With the EchoStar/DirecTV deal dead, the satellite industry wonders what’s next?
With the final nail in the coffin of the EchoStar/DirecTV deal, the speculation has begun. Will Rupert Murdoch, as is widely expected, make an attempt to buy DirecTV? Will other bidders appear out of the blue? Does DirecTV’s owner, Hughes, even want to sell now, or will it wait for more favorable market conditions? And what role will John Malone play?
Perhaps, the most intriguing question of all is what Charlie Ergen, the unpredictable entrepreneur who founded EchoStar, will do next? Left with $3.7 billion to spend after the failed merger attempt, Ergen, a master of understatement, has left everyone guessing when he said he would “continue to seek alternative, innovative ways to provide competition to the rapidly consolidating cable industry and to provide more choices for all consumers.”

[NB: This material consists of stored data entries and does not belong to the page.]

Lemma orthant_ext d : forall F F' l,
  OrthantInt d F l -> (forall t, 0 <= t -> F t = F' t) -> OrthantInt d F' l.
Proof.
  induction d; intros F F' l H HF.
  - simpl in *. rewrite H. apply HF. lra.
  - simpl in *. destruct H as [G [HG HI]]. exists G. split; auto.
    intros x Hx. apply (IHd (fun t => F (x + t))). apply HG; auto. intros t Ht. apply HF. lra.
Qed.

(* Integrating out one coordinate raises the index of the polylogarithm by one. *)
Lemma orthant_gen n : forall k y, 0 < y < 1 ->
  OrthantInt n (fun t => Li k (y * exp (- t))) (Li (k + n) y).
Proof.
  induction n; intros k y Hy.
  - simpl. rewrite Nat.add_0_r, Ropp_0, exp_0, Rmult_1_r. reflexivity.
  - simpl. exists (fun x => Li (k + n) (y * exp (- Rmax 0 x))). split.
    + intros x Hx. rewrite Rmax_right by lra.
      assert (Hy' : 0 < y * exp (- x) < 1)
        by (apply yexp_bounds; auto; pose proof (ln_lt0 y Hy); lra).
      replace (fun t => Li k (y * exp (- (x + t))))
        with (fun t => Li k (y * exp (- x) * exp (- t))).
      apply IHn; auto.
      apply functional_extensionality. intro t.
      rewrite Ropp_plus_distr, exp_plus, Rmult_assoc. reflexivity.
    + rewrite Nat.add_succ_r. apply improper_Li; auto.
Qed.

(* Since Li_0(y e^{-t}) = y/(e^t - y), the orthant integral of y/(e^{|p|_1} - y) is Li_d(y). *)
Lemma orthant_Li d y : 0 < y < 1 -> OrthantInt d (fun t => y / (exp t - y)) (Li d y).
Proof.
  intro Hy. apply orthant_ext with (fun t => Li 0 (y * exp (- t))).
  - apply (orthant_gen d 0 y Hy).
  - intros t Ht.
    assert (Hz : 0 < y * exp (- t) < 1)
      by (apply yexp_bounds; auto; pose proof (ln_lt0 y Hy); lra).
    rewrite Li_0 by lra.
    pose proof (exp_neg_mul_exp t).
    assert (exp t - y <> 0).
    { intro H0. assert (y * exp (- t) = 1) by (replace y with (exp t) by lra; lra). lra. }
    rewrite exp_Ropp. pose proof (exp_pos t). field. split; lra.
Qed.

Lemma LimitEq_iff d beta lambda mu t : 0 < beta -> 0 < lambda -> 0 < t < 1 ->
  (LimitEq d beta lambda mu t <-> mu / lambda = Fn d beta lambda t).
Proof.
  intros Hb Hl Ht. unfold LimitEq, Fn. split.
  - intros [I [HI Heq]]. rewrite (orthant_unique d _ _ _ HI (orthant_Li d t Ht)) in Heq. auto.
  - intro H. exists (Li d t). split; auto. apply orthant_Li; auto.
Qed.

Section Regimes.

Variables (d : nat) (beta lambda mu zeta : R) (r : R -> R).
Hypothesis Hd : (3 <= d)%nat.
Hypothesis Hb : 0 < beta.
Hypothesis Hl : 0 < lambda.
Hypothesis HZ : ZetaVal d zeta.
Hypothesis HR : IsRkappa d beta lambda mu r.

Local Notation F := (Fn d beta lambda).
Local Notation cmu := (mu / lambda).
Local Notation Zc := (zeta / beta ^ d).
Local Notation C := (Cb d beta).
Local Notation A := (Akappa d r).

Lemma estimate kappa : 1 <= kappa ->
  0 < r kappa < 1 /\ cmu - C / kappa <= F (r kappa) + A kappa /\
  F (r kappa) + A kappa <= cmu + C / kappa.
Proof. apply fugacity_estimate; auto. Qed.

Lemma C_pos : 0 < C.
Proof. apply Cb_pos; auto. Qed.

Lemma A_pos kappa : 1 <= kappa -> 0 < A kappa.
Proof.
  intro Hk. destruct (estimate kappa Hk) as [Hr _]. pose proof (pow_lt kappa d ltac:(lra)).
  unfold Akappa. apply Rdiv_lt_0_compat; nra.
Qed.

Lemma A_small kappa rho : 1 <= kappa -> r kappa <= rho -> rho < 1 ->
  A kappa <= rho / (kappa * (1 - rho)).
Proof.
  intros Hk Hr Hrho. destruct (estimate kappa Hk) as [Hr0 _].
  pose proof (pow_ge_self kappa d Hk ltac:(lia)).
  unfold Akappa, Rdiv. apply Rle_trans with (rho * / (kappa ^ d * (1 - r kappa))).
  apply Rmult_le_compat_r. left; apply Rinv_0_lt_compat; nra. lra.
  apply Rmult_le_compat_l. lra. apply Rinv_le_contravar. nra.
  apply Rmult_le_compat; lra.
Qed.

(* Since
   F is increasing and A >= 0, r_kappa cannot stay above rs + e, and since A is
   O(1/kappa) below 1 it cannot stay below rs - e either. *)
Lemma sub_cv rs : 0 < rs < 1 -> F rs = cmu -> cv_at_infty r rs.
Proof.
  intros Hrs HFrs eps He.
  set (e := Rmin (eps / 2) (Rmin (rs / 2) ((1 - rs) / 2))).
  assert (He1 : 0 < e /\ e <= eps / 2 /\ e <= rs / 2 /\ e <= (1 - rs) / 2).
  { unfold e. pose proof (Rmin_l (eps / 2) (Rmin (rs / 2) ((1 - rs) / 2))).
    pose proof (Rmin_r (eps / 2) (Rmin (rs / 2) ((1 - rs) / 2))).
    pose proof (Rmin_l (rs / 2) ((1 - rs) / 2)). pose proof (Rmin_r (rs / 2) ((1 - rs) / 2)).
    split; [|lra]. apply Rmin_glb_lt. lra. apply Rmin_glb_lt; lra. }
  set (rho := rs + e).
  assert (Erho : rho = rs + e) by reflexivity.
  assert (Hrho : 0 < rho < 1) by lra.
  assert (Hg1 : cmu < F rho) by (rewrite <- HFrs; apply Fn_strict; lra).
  assert (Hg2 : F (rs - e) < cmu) by (rewrite <- HFrs; apply Fn_strict; lra).
  set (g := Rmin (F rho - cmu) (cmu - F (rs - e))).
  assert (Hg : 0 < g /\ g <= F rho - cmu /\ g <= cmu - F (rs - e)).
  { unfold g. split. apply Rmin_glb_lt; lra. split. apply Rmin_l. apply Rmin_r. }
  assert (Hrr : 0 <= rho / (1 - rho)) by (apply Rlt_le, Rdiv_lt_0_compat; lra).
  pose proof C_pos.
  destruct (inv_kappa_small (rho / (1 - rho) + C) g ltac:(lra) ltac:(lra)) as [M [HM1 HM]].
  exists M. intros kappa Hk.
  specialize (HM kappa Hk).
  destruct (estimate kappa ltac:(lra)) as [Hr [Hlo Hhi]].
  pose proof (A_pos kappa ltac:(lra)).
  assert (HCk : C / kappa <= (rho / (1 - rho) + C) / kappa).
  { unfold Rdiv. apply Rmult_le_compat_r. left; apply Rinv_0_lt_compat; lra. lra. }
  assert (Hup : r kappa < rho).
  { destruct (Rlt_le_dec (r kappa) rho) as [|Hge]; auto. exfalso.
    pose proof (Fn_mono d beta lambda rho (r kappa) Hb Hl ltac:(lra) ltac:(lra)).
    lra. }
  assert (Hdown : rs - e < r kappa).
  { destruct (Rlt_le_dec (rs - e) (r kappa)) as [|Hle]; auto. exfalso.
    pose proof (Fn_mono d beta lambda (r kappa) (rs - e) Hb Hl ltac:(lra) ltac:(lra)).
    pose proof (A_small kappa rho ltac:(lra) ltac:(lra) ltac:(lra)).
    assert (rho / (kappa * (1 - rho)) + C / kappa = (rho / (1 - rho) + C) / kappa)
      by (field; lra).
    lra. }
  apply Rabs_def1; lra.
Qed.
(* Let $X$ be a real Hilbert space, $A,B\colon X\rightrightarrows X$ maximally monotone, $T:=\operatorname{Id}-J_A+J_BR_A$, $v:=P_{\overline{\operatorname{ran}}(\operatorname{Id}-T)}(0)$, $D:=\operatorname{dom}A-\operatorname{dom}B$, $R:=\operatorname{ran}A+\operatorname{ran}B$, $v_D:=P_{\overline D}(0)$, $v_R:=P_{\overline R}(0)$, and assume $\overline{\operatorname{ran}}(\operatorname{Id}-T)=\overline{D\cap R}=\overline D\cap\overline R$. Let $x\in X$. Then as $n\to\infty$: (i) $\|J_AT^nx-J_AT^{n+1}x\|^2+\|J_{A^{-1}}T^nx-J_{A^{-1}}T^{n+1}x\|^2\to\|v\|^2=\|v_D\|^2+\|v_R\|^2$; (ii) $J_AT^nx-J_AT^{n+1}x\to v_R$; (iii) $J_{A^{-1}}T^nx-J_{A^{-1}}T^{n+1}x\to v_D$.
   Context: $J_C:=(\operatorname{Id}+C)^{-1}$, $R_C:=2J_C-\operatorname{Id}$ for maximally monotone $C$; $P_S$ is the projection onto a nonempty closed convex set $S$; convergence is in norm. *)

From HB Require Import structures.
From mathcomp Require Import all_boot all_order all_algebra.
From mathcomp Require Import all_classical all_reals all_analysis.
Set Implicit Arguments. Unset Strict Implicit. Unset Printing Implicit Defensive.
Import Order.TTheory GRing.Theory Num.Theory.
Import numFieldNormedType.Exports.
Local Open Scope classical_set_scope.
Local Open Scope ring_scope.

Section Hilbert.
Variables (R : realType) (X : completeNormedModType R).

(* ip is an inner product on X inducing its norm: X is then a real Hilbert space *)
Definition is_inner_product (ip : X -> X -> R) : Prop :=
  (forall x y, ip x y = ip y x) /\
  (forall (a : R) x y z, ip (a *: x + y) z = a * ip x z + ip y z) /\
  (forall x, ip x x = `|x| ^+ 2).

(* set-valued operators X ⇉ X, given by their graph *)
Definition monotone (ip : X -> X -> R) (A : X -> set X) : Prop :=
  forall x y u w, A x u -> A y w -> 0 <= ip (x - y) (u - w).

Definition maximally_monotone (ip : X -> X -> R) (A : X -> set X) : Prop :=
  monotone ip A /\
  forall B : X -> set X, monotone ip B -> (forall x u, A x u -> B x u) ->
    forall x u, B x u -> A x u.

Definition op_inv (A : X -> set X) : X -> set X := fun u x => A x u.
Definition dom (A : X -> set X) : set X := [set x | exists u, A x u].
Definition ran (A : X -> set X) : set X := [set u | exists x, A x u].

(* J_C x = (Id + C)^{-1} x : the (unique, for C max. monotone) p with x - p ∈ C p *)
Definition resolvent (C : X -> set X) (x : X) : X := xget 0 [set p | C p (x - p)].
Definition reflected (C : X -> set X) (x : X) : X := 2%:R *: resolvent C x - x.

Definition proj_set (S : set X) (z : X) : X :=
  xget 0 [set p | S p /\ forall q, S q -> `|z - p| <= `|z - q|].

Definition DR_T (A B : X -> set X) (x : X) : X :=
  x - resolvent A x + resolvent B (reflected A x).

Definition setdiffM (S1 S2 : set X) : set X := [set z | exists a b, S1 a /\ S2 b /\ z = a - b].
Definition setsumM (S1 S2 : set X) : set X := [set z | exists a b, S1 a /\ S2 b /\ z = a + b].

End Hilbert.

(* The Douglas-Rachford operator T is firmly nonexpansive, hence (Pazy,
   Baillon-Bruck-Reich) |T^n x - T^(n+1) x| tends to |v|, v being the element of
   minimal norm of the closure of ran (Id - T).  Each step T^n x - T^(n+1) x splits as
   a_n + b_n with a_n = J_A T^n x - J_A T^(n+1) x in ran A + ran B,
   b_n = J_(A^-1) T^n x - J_(A^-1) T^(n+1) x in dom A - dom B and <a_n, b_n> >= 0.
   The variational inequalities of the projections v_R and v_D then give
     |v_R - a_n|^2 + |v_D - b_n|^2 <= |a_n + b_n|^2 - |v|^2,
   provided |v|^2 <= |v_D|^2 + |v_R|^2.  The latter holds because v_D + v_R lies in
   the closures of D and R and <v_D, v_R> <= 0: indeed -v_R is a recession direction
   of the closures of dom A and dom B, and v_D one of the closure of ran B.
   Resolvents exist by Minty's theorem, proved here by minimizing
   (Q, W, s) |-> |(Q - W)/2|^2 + s over the convex hull of the graph lifted by the
   coupling <q, w>: as for the minimal-norm point of a closed convex set, the
   parallelogram law makes minimizing sequences Cauchy. *)

From mathcomp Require Import all_boot all_order all_algebra.
From mathcomp Require Import all_classical all_reals all_analysis.
From mathcomp Require Import ring lra.
Import Order.TTheory GRing.Theory Num.Theory.
Import numFieldNormedType.Exports.
Local Open Scope classical_set_scope.
Local Open Scope ring_scope.

Set Implicit Arguments.
Unset Strict Implicit.

Section InnerProduct.
Context {R : realType} {X : completeNormedModType R} {ip : X -> X -> R}.
Hypothesis ip_inner : is_inner_product ip.

Lemma ipC x y : ip x y = ip y x.
Proof. by case: ip_inner. Qed.

Lemma ipxx x : ip x x = `|x| ^+ 2.
Proof. by case: ip_inner => _ []. Qed.

Lemma ipZDl a x y z : ip (a *: x + y) z = a * ip x z + ip y z.
Proof. by case: ip_inner => _ [-> _]. Qed.

Lemma ip0l z : ip 0 z = 0.
Proof. by have := ipZDl 1 0 0 z; rewrite scaler0 addr0 mul1r; lra. Qed.

Lemma ipDl x y z : ip (x + y) z = ip x z + ip y z.
Proof. by rewrite -[x in LHS]scale1r ipZDl mul1r. Qed.

Lemma ipZl a x z : ip (a *: x) z = a * ip x z.
Proof. by rewrite -[a *: x]addr0 ipZDl ip0l addr0. Qed.

Lemma ipNl x z : ip (- x) z = - ip x z.
Proof. by rewrite -scaleN1r ipZl mulN1r. Qed.

Lemma ipBl x y z : ip (x - y) z = ip x z - ip y z.
Proof. by rewrite ipDl ipNl. Qed.

Lemma ip0r z : ip z 0 = 0.
Proof. by rewrite ipC ip0l. Qed.

Lemma ipDr x y z : ip z (x + y) = ip z x + ip z y.
Proof. by rewrite ipC ipDl !(ipC z). Qed.

Lemma ipZr a x z : ip z (a *: x) = a * ip z x.
Proof. by rewrite ipC ipZl ipC. Qed.

Lemma ipNr x z : ip z (- x) = - ip z x.
Proof. by rewrite ipC ipNl ipC. Qed.

Lemma ipBr x y z : ip z (x - y) = ip z x - ip z y.
Proof. by rewrite ipDr ipNr. Qed.

Definition ipE := (ipDl, ipDr, ipBl, ipBr, ipNl, ipNr, ipZl, ipZr, ip0l, ip0r).

End InnerProduct.

(* Expand inner products bilinearly and orient each [ip b a] as [ip a b], so that
   [ring] and [lra] see every pair of vectors as a single atom. *)
Ltac ip_symmetrize ip_inner := repeat match goal with
  | |- context [?ip ?a ?b] => tryif constr_eq a b then fail else
      match goal with |- context [ip b a] => rewrite (ipC ip_inner b a) end
  end.

Ltac ip_expand ip_inner := rewrite -?(ipxx ip_inner) ?(ipE ip_inner); ip_symmetrize ip_inner.

Section InnerProductFacts.
Context {R : realType} {X : completeNormedModType R} {ip : X -> X -> R}.
Hypothesis ip_inner : is_inner_product ip.

Lemma normD_sqr x y : `|x + y| ^+ 2 = `|x| ^+ 2 + 2 * ip x y + `|y| ^+ 2.
Proof. by ip_expand ip_inner; ring. Qed.

Lemma ip_le_sqr x y : 2 * ip x y <= `|x| ^+ 2 + `|y| ^+ 2.
Proof. by have := sqr_ge0 `|x - y|; ip_expand ip_inner; lra. Qed.

Lemma norm_comb_sqr (t : R) (x y : X) :
  `|(1 - t) *: x + t *: y| ^+ 2 =
    (1 - t) * `|x| ^+ 2 + t * `|y| ^+ 2 - t * (1 - t) * `|x - y| ^+ 2.
Proof. by ip_expand ip_inner; ring. Qed.

Lemma ip_subr_eq0 (x y : X) : ip (x - y) (x - y) = 0 -> x = y.
Proof. by rewrite ipxx // => /eqP; rewrite sqrf_eq0 normr_eq0 subr_eq0 => /eqP. Qed.

End InnerProductFacts.

(* A vector identity [x = y] follows from [ip (x - y) (x - y) = 0], which [ring]
   checks once inner products are expanded. *)
Ltac vector_ring ip_inner := apply: (ip_subr_eq0 ip_inner); ip_expand ip_inner; ring.

Section ClosureInNormedSpace.
Context {R : realType} {X : completeNormedModType R}.

Lemma closureP_norm (S : set X) z :
  closure S z <-> forall e : R, 0 < e -> exists2 s, S s & `|z - s| < e.
Proof.
split=> [Sz e e0|Sz B /nbhs_ballP [e /= e0 zeB]].
  have [s [Ss]] := Sz _ (nbhsx_ballx z e e0).
  by rewrite -ball_normE /ball_ => zes; exists s.
have [s Ss zes] := Sz e e0.
by exists s; split=> //; apply: zeB; rewrite -ball_normE.
Qed.

Lemma normD_lt_split (a b : X) (e : R) :
  `|a| < e / 2 -> `|b| < e / 2 -> `|a + b| < e.
Proof. by move=> ae be; apply: le_lt_trans (ler_normD _ _) _; rewrite [e]splitr ltrD. Qed.

Lemma closure_addr (S : set X) w :
  (forall s, S s -> closure S (s + w)) -> forall z, closure S z -> closure S (z + w).
Proof.
move=> Sw z /closureP_norm Sz; apply/closureP_norm => e e0.
have e2 : 0 < e / 2 by rewrite divr_gt0.
have [s Ss zs] := Sz _ e2.
have [s' Ss' ss'] := (closureP_norm S _).1 (Sw s Ss) _ e2.
by exists s' => //; rewrite -[z + w](subrKA s) -addrA normD_lt_split.
Qed.

Lemma closure_setdiffM (S1 S2 : set X) x y :
  closure S1 x -> closure S2 y -> closure (setdiffM S1 S2) (x - y).
Proof.
move=> /closureP_norm S1x /closureP_norm S2y; apply/closureP_norm => e e0.
have e2 : 0 < e / 2 by rewrite divr_gt0.
have [a S1a xa] := S1x _ e2; have [b S2b yb] := S2y _ e2.
exists (a - b); first by exists a, b.
have -> : x - y - (a - b) = (x - a) + (b - y).
  by rewrite opprB addrACA [RHS]addrACA (addrC (- a)).
by rewrite normD_lt_split // distrC.
Qed.

Lemma closure_setsumM (S1 S2 : set X) x y :
  closure S1 x -> closure S2 y -> closure (setsumM S1 S2) (x + y).
Proof.
move=> /closureP_norm S1x /closureP_norm S2y; apply/closureP_norm => e e0.
have e2 : 0 < e / 2 by rewrite divr_gt0.
have [a S1a xa] := S1x _ e2; have [b S2b yb] := S2y _ e2.
exists (a + b); first by exists a, b.
by rewrite opprD addrACA normD_lt_split.
Qed.

Definition is_convex (S : set X) :=
  forall x y (t : R), S x -> S y -> 0 <= t <= 1 -> S ((1 - t) *: x + t *: y).

Definition convex_in_closure (S : set X) := forall x y (t : R), S x -> S y ->
  0 <= t <= 1 -> closure S ((1 - t) *: x + t *: y).

Lemma convex_closure (S : set X) : convex_in_closure S -> is_convex (closure S).
Proof.
move=> Sconv x y t /closureP_norm Sx /closureP_norm Sy t01.
have /andP [t0 t1] := t01; have t'0 : 0 <= 1 - t by rewrite subr_ge0.
apply/closureP_norm => e e0.
have e2 : 0 < e / 2 by rewrite divr_gt0.
have [x1 Sx1 xx1] := Sx _ e2; have [y1 Sy1 yy1] := Sy _ e2.
have [s Ss s_near] := (closureP_norm S _).1 (Sconv _ _ _ Sx1 Sy1 t01) _ e2.
exists s => //; rewrite -[_ - s](subrKA ((1 - t) *: x1 + t *: y1)).
apply: le_lt_trans (ler_normD _ _) _; rewrite [e]splitr ler_ltD //.
rewrite opprD addrACA -!scalerBr; apply: le_trans (ler_normD _ _) _.
rewrite !normrZ !ger0_norm //.
have := ler_wpM2l t'0 (ltW xx1); have := ler_wpM2l t0 (ltW yy1); lra.
Qed.

Lemma convex_in_closure_setdiffM (S1 S2 : set X) :
  convex_in_closure S1 -> convex_in_closure S2 -> convex_in_closure (setdiffM S1 S2).
Proof.
move=> S1_conv S2_conv _ _ t [a1 [b1 [S1a1 [S2b1 ->]]]] [a2 [b2 [S1a2 [S2b2 ->]]]] t01.
rewrite !scalerBr addrACA -opprD.
by apply: closure_setdiffM; [exact: S1_conv | exact: S2_conv].
Qed.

It’s a financial soap opera that’s expected to play out rapidly in the coming weeks now that the key players are free to make new moves. Both companies avoided litigation when EchoStar agreed to pay a $600 million break-up fee to Hughes, and Hughes allowed EchoStar to walk away from a planned $2.7 billion purchase of its majority stake in satellite operator PanAmSat.
The deal was scuttled when both the FCC and the Department of Justice opposed the merger.